Find the line with "y p_n >= x_n" in the entries below, then reproduce it and every line after it down to and including the line with "Proof. rewrite addC; apply add0. Qed.", exactly.

(Dataset records)

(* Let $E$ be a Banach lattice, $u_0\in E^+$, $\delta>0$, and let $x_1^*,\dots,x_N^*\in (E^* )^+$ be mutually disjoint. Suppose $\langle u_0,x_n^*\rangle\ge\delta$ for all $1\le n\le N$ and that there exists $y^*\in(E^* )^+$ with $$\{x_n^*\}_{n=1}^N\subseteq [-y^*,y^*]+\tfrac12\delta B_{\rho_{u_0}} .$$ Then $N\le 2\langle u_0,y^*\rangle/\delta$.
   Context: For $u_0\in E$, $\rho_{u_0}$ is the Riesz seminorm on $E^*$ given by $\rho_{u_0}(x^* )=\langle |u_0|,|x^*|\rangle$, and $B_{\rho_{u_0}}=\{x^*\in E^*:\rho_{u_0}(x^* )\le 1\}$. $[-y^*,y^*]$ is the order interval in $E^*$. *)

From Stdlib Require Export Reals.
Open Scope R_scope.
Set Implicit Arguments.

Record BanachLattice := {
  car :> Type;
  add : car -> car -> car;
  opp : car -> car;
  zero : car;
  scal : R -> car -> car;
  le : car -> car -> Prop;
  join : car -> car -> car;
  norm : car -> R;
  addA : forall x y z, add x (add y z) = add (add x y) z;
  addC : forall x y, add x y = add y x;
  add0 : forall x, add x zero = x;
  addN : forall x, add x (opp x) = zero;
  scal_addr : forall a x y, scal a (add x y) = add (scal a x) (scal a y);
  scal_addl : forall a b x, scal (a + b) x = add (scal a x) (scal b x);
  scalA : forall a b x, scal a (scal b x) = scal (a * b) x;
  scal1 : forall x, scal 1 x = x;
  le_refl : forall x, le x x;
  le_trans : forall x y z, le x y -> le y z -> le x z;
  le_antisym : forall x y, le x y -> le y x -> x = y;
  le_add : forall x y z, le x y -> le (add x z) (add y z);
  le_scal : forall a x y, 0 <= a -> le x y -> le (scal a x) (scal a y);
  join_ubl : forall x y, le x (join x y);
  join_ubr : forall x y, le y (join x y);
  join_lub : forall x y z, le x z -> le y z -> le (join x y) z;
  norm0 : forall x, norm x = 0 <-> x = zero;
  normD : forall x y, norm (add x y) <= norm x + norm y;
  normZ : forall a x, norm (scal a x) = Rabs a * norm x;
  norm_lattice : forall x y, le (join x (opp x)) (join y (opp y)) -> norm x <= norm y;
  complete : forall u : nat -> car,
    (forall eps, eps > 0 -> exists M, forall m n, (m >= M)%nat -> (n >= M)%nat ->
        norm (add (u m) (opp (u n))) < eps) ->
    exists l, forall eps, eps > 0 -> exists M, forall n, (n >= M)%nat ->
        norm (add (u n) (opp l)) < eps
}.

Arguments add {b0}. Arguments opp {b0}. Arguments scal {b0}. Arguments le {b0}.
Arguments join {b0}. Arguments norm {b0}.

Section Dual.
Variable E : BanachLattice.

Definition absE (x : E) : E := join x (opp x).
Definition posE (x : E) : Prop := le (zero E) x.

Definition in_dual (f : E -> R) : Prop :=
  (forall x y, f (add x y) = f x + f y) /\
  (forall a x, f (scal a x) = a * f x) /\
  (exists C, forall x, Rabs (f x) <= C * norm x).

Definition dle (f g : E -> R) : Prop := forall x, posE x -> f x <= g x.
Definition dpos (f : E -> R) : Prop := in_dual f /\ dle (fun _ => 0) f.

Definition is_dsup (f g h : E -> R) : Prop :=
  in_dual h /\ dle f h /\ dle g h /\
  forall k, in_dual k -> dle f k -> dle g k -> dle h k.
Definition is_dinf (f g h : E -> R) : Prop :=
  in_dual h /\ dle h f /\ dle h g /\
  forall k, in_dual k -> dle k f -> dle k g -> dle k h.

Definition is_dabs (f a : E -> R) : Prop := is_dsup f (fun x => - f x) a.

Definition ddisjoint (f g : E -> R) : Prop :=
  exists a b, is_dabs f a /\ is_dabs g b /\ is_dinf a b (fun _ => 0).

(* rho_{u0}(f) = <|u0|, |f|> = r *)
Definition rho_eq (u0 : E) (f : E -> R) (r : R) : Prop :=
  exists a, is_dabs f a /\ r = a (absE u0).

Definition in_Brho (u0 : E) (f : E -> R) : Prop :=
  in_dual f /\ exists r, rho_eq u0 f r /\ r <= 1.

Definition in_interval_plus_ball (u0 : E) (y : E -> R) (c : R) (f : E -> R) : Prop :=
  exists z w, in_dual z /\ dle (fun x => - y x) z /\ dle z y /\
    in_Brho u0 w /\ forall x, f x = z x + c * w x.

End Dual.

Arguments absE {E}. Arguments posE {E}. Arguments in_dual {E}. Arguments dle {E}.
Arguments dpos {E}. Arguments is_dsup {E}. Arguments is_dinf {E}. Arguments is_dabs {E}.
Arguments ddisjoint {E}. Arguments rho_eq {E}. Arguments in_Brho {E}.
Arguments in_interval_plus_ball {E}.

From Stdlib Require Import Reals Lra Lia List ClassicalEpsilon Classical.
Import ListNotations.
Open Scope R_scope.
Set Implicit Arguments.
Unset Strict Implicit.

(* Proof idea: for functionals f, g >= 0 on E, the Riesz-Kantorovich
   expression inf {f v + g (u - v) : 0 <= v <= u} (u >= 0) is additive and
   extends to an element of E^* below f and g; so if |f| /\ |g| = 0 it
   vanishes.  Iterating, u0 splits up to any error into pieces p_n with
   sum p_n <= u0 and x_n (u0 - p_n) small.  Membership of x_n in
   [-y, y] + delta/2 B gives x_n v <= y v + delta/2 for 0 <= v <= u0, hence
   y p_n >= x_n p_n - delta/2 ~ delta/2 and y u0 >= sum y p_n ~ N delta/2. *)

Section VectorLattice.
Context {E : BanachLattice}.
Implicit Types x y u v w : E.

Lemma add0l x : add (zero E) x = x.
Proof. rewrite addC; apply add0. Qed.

(End Dataset records)
(Dataset records)

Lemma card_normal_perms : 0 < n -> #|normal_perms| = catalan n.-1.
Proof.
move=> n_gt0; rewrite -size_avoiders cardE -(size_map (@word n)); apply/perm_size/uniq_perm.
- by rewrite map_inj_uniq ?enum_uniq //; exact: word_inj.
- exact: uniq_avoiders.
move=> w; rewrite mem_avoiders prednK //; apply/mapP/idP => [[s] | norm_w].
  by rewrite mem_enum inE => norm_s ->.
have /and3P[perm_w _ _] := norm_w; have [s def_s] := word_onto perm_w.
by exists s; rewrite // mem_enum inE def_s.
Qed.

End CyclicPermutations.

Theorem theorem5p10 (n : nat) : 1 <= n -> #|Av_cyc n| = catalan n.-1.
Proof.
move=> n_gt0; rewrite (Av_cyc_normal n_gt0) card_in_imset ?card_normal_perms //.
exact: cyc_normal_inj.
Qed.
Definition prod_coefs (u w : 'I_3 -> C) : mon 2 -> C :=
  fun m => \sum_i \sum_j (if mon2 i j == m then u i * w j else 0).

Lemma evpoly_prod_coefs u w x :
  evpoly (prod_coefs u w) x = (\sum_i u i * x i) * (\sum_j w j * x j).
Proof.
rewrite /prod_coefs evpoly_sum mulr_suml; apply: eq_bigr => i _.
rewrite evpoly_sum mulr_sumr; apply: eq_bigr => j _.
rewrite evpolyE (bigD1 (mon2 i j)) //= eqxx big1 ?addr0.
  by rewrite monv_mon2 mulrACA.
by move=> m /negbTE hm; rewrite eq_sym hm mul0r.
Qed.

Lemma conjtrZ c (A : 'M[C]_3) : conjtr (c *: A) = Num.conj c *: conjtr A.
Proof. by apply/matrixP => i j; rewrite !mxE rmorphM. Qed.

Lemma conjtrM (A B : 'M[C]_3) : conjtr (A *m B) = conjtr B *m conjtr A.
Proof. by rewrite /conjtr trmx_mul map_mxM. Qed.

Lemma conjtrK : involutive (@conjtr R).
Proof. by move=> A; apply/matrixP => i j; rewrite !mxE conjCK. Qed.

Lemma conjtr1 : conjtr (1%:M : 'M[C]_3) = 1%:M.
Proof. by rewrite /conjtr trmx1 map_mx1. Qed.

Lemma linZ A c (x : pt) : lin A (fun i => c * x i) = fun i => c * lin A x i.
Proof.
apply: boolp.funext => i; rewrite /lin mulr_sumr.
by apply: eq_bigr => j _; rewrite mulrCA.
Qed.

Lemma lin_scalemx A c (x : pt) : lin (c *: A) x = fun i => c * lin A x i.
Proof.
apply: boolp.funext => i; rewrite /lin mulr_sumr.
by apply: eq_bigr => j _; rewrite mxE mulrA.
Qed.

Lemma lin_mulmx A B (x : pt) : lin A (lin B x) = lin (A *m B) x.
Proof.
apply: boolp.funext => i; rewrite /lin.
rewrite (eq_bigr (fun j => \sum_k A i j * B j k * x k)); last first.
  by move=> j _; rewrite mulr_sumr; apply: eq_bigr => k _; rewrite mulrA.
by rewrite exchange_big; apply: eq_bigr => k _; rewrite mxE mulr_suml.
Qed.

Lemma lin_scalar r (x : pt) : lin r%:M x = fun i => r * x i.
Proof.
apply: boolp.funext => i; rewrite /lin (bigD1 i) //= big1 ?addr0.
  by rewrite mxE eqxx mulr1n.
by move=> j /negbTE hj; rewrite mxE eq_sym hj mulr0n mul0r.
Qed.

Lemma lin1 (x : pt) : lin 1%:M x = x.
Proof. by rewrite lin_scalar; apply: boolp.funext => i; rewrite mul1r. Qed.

(End Dataset records)

■ **Solution to the problem**:
   y p_n >= x_n p_n - delta/2 ~ delta/2 and y u0 >= sum y p_n ~ N delta/2. *)

Section VectorLattice.
Context {E : BanachLattice}.
Implicit Types x y u v w : E.

Lemma add0l x : add (zero E) x = x.
Proof. rewrite addC; apply add0. Qed.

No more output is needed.